O tema de Camus, porém, é
um outro tipo de realeza: a república dos intelectuais e, em
especial, a corte existencialista
reunida nos cafés do Rive-Gauche em torno de Jean-Paul Sartre [1905-1980].
A data provável da redação
de "O Improviso dos Filósofos"
-um manuscrito com 40 páginas- é 1947.
A informação é importante
por ser esse o ano em que Camus publicou o romance "A
Peste" e começou a esboçar "O
Homem Revoltado", livro de
1951 que provocaria sua ruidosa ruptura com Sartre.
Ou seja, "O Improviso dos
Filósofos" antecipa em alguns
anos as animosidades e diferenças entre ambos.
A peça já havia sido mencionada pelo biógrafo Olivier
Todd, autor de "Albert Camus
-Uma Vida" (ed. Record), e pelo
pesquisador Ronald Aronson,
autor de "Camus e Sartre - O
Polêmico Fim de uma Amizade
no Pós-Guerra" (ed. Nova
Fronteira), livro de 2004 recém-publicado no Brasil que
mostra como o rompimento
dessa relação pessoal explicitou fraturas ainda hoje presentes na vida intelectual francesa.
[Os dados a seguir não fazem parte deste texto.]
(* For every operator $\mathtt P\in\partial_z+z^{-1}\mathcal D_-$, the equation $\mathtt P\cdot\Psi=0$ has, up to multiplication by a constant, exactly one nonzero solution $\Psi\in H$, and this solution can be normalized so that $\Psi\in1+H_-$. In particular, for $\mathcal W\in{\rm Gr}^{(0)}_+$ the equation $\mathtt P_{\mathcal W}\cdot\Psi=0$ has a unique solution in $1+H_-$, namely the wave function of $\mathcal W$ (the unique element of $\mathcal W\cap(1+H_-)$).
   Context: $H_+=\mathbb C[z]$, $H_-=z^{-1}\mathbb C[[z^{-1}]]$, $H=H_+\oplus H_-$. ${\rm Gr}^{(0)}_+$ is the set of closed subspaces $\mathcal W\subset H$ with $\pi_+:\mathcal W\to H_+$ (projection along $H_-$) an isomorphism. $\mathcal D=\mathbb C((z^{-1}))[[\partial_z]]$ is the ring of differential operators $\sum_{m\ge0}a_m(z)\partial_z^m$, $a_m\in H$, acting on $H$; $\mathcal D_\pm=H_\pm[[\partial_z]]$. For $\mathcal W\in{\rm Gr}^{(0)}_+$ let $\mathtt G_{\mathcal W}$ be the unique element of $\{\mathtt G\in\mathcal D:\mathtt G-1\in\mathcal D_-\}$ with $\mathcal W=\mathtt G_{\mathcal W}\cdot H_+$ (Sato's theorem), and $\mathtt P_{\mathcal W}:=\mathtt G_{\mathcal W}\partial_z\mathtt G_{\mathcal W}^{-1}$. *)

From mathcomp Require Import all_boot all_algebra.
From mathcomp Require Import boolp classical_sets fsbigop.
Set Implicit Arguments. Unset Strict Implicit. Unset Printing Implicit Defensive.
Import GRing.Theory Num.Theory.
Local Open Scope ring_scope.

Section Defs.
Variable K : fieldType.

(* An element of H = C((z^{-1})) is given by its coefficient sequence:
   f n = coefficient of z^n. *)
Definition ser := int -> K.

Definition inH (f : ser) : Prop := exists N : int, forall n : int, N < n -> f n = 0.
Definition inHplus (f : ser) : Prop := inH f /\ forall n : int, n < 0 -> f n = 0.
Definition inHminus (f : ser) : Prop := forall n : int, 0 <= n -> f n = 0.
Definition inzHminus (f : ser) : Prop := forall n : int, -1 <= n -> f n = 0.
Definition inOnePlusHminus (f : ser) : Prop := f 0 = 1 /\ forall n : int, 0 < n -> f n = 0.

Definition scst (c : K) : ser := fun n => if n == 0 then c else 0.
Definition sadd (f g : ser) : ser := fun n => f n + g n.
Definition ssub (f g : ser) : ser := fun n => f n - g n.
Definition sscale (c : K) (f : ser) : ser := fun n => c * f n.
Definition piplus (f : ser) : ser := fun n => if 0 <= n then f n else 0.
(* d/dz (z^{n+1}) = (n+1) z^n *)
Definition dz (f : ser) : ser := fun n => (n + 1)%:~R * f (n + 1).
Definition dzn (m : nat) (f : ser) : ser := iter m dz f.
(* product of Laurent series (a finitely supported sum for f, g in H) *)
Definition smul (f g : ser) : ser :=
  fun n => \sum_(i \in [set: int]) (f i * g (n - i)).

(* A differential operator sum_m a_m(z) d_z^m is given by m |-> a_m. *)
Definition op := nat -> ser.
Definition inD (P : op) : Prop := forall m, inH (P m).
Definition inDminus (P : op) : Prop := forall m, inHminus (P m).
Definition opone : op := fun m => if m == 0%N then scst 1 else scst 0.
Definition opdz : op := fun m => if m == 1%N then scst 1 else scst 0.
Definition opsub (P Q : op) : op := fun m => ssub (P m) (Q m).

Definition act (P : op) (f : ser) : ser :=
  fun j => \sum_(m \in [set: nat]) smul (P m) (dzn m f) j.

(* Composition in D, by the Leibniz rule
   (a d^m)(b d^n) = sum_k binom(m,k) a b^{(k)} d^{m-k+n}. *)
Definition comp (A B : op) : op :=
  fun r j => \sum_(p \in [set: nat * nat])
     (let m := p.1 in let n := p.2 in
      if (n <= r)%N && (r <= m + n)%N then
        'C(m, m + n - r)%:R * smul (A m) (dzn (m + n - r) (B n)) j
      else 0).

Definition inDzPlusZinvDminus (P : op) : Prop :=
  forall m, inzHminus (opsub P opdz m).
Definition inOnePlusDminus (G : op) : Prop := inDminus (opsub G opone).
Ocorre que mais recentemente, com o lançamento dos
dois primeiros volumes da nova edição da obra completa de
Camus pela Bibliothèque de la
Pléiade (estão previstos quatro
tomos), "O Improviso dos Filósofos" se tornou finalmente
público -o que permite entender os antecedentes do atrito
com Sartre, mas não resolve as
ambigüidades desse texto que
Camus assinou sob o pseudônimo Antoine Bailly.
Filosofia em moda
Na peça, o sr. Vigne ("Videira", um farmacêutico de província e prefeito da cidade) recebe a visita do sr. Néant -um
intelectual parisiense cujo nome faz referência direta a "O
Ser e o Nada" (no original, "L'Être et le Néant"), ensaio de Sartre que lança as bases do existencialismo ao elaborar conceitos como liberdade, contingência, acaso e angústia de um
ponto de vista muito particular,
sob o impacto da fenomenologia de Husserl (1859-1938) e do
pensamento de Heidegger
(1889-1976).
A partir dessa cena básica,
em que o sr. Néant se anuncia
como portador da doutrina filosófica que é a última moda
em Paris, Camus envolve outras personagens (sra. Vigne, a
filha Sophie e o pretendente
desta, Mélusin) num pastiche
do existencialismo cujo ápice é
a passagem na qual Vigne explica à mulher a razão por que,
apesar de nada fazer sentido,
ele deve se refestelar à mesa.
Camus faz ali uma série de
variações sobre a idéia de que
nossa liberdade se constitui
quando resistimos ao olhar objetivante do outro, que deseja
transformar nosso "ser-aí" (o
"dasein" heideggeriano) num
"em-si" (um ente do mundo
inanimado) -e o efeito cômico
está na sofreguidão conceitual
que visa a justificar o acesso do
sr. Vigne ao pernil preparado
para a ceia.
Há várias alusões diretas a
Sartre, com deformações que
mostram o efeito do existencialismo sobre uma platéia ansiosa por um guru que ditasse
comportamentos transgressivos. Assim, após ler o livro que
Néant lhe traz, o sr. Vigne palestra com Mélusin e, baseado
na idéia sartriana de que "não
são as intenções que contam,
mas as ações", exige que o candidato a genro se encontre com
sua filha "entre quatro paredes" (referência à peça "Huis
Clos", de Sartre).
Afinal, só a existência de um
bastardo comprovaria factualmente a pureza de seu "engajamento" matrimonial...
Mais ridículo
Num outro momento, Vigne
se decepciona ao saber que Mélusin não é criminoso, não
oculta desejos incestuosos nem
se entrega às práticas da pederastia -uma alusão ao fascínio
que o dramaturgo Jean Genet
(1910-86, homossexual sadomasoquista que viveu entre a
delinqüência e a prisão) exercia
sobre Sartre.
Ao final da peça, surge um diretor de hospício desfazendo o
imbróglio e revelando que
Néant não passa de um maluco
que sai por aí divulgando livros
que jamais leu -uma ironia aos
modismos (e críticos literários)
parisienses que, de alguma forma, acaba "salvando" Sartre,
pois torna mais ridículos seguidores e apóstolos do que o messias existencialista.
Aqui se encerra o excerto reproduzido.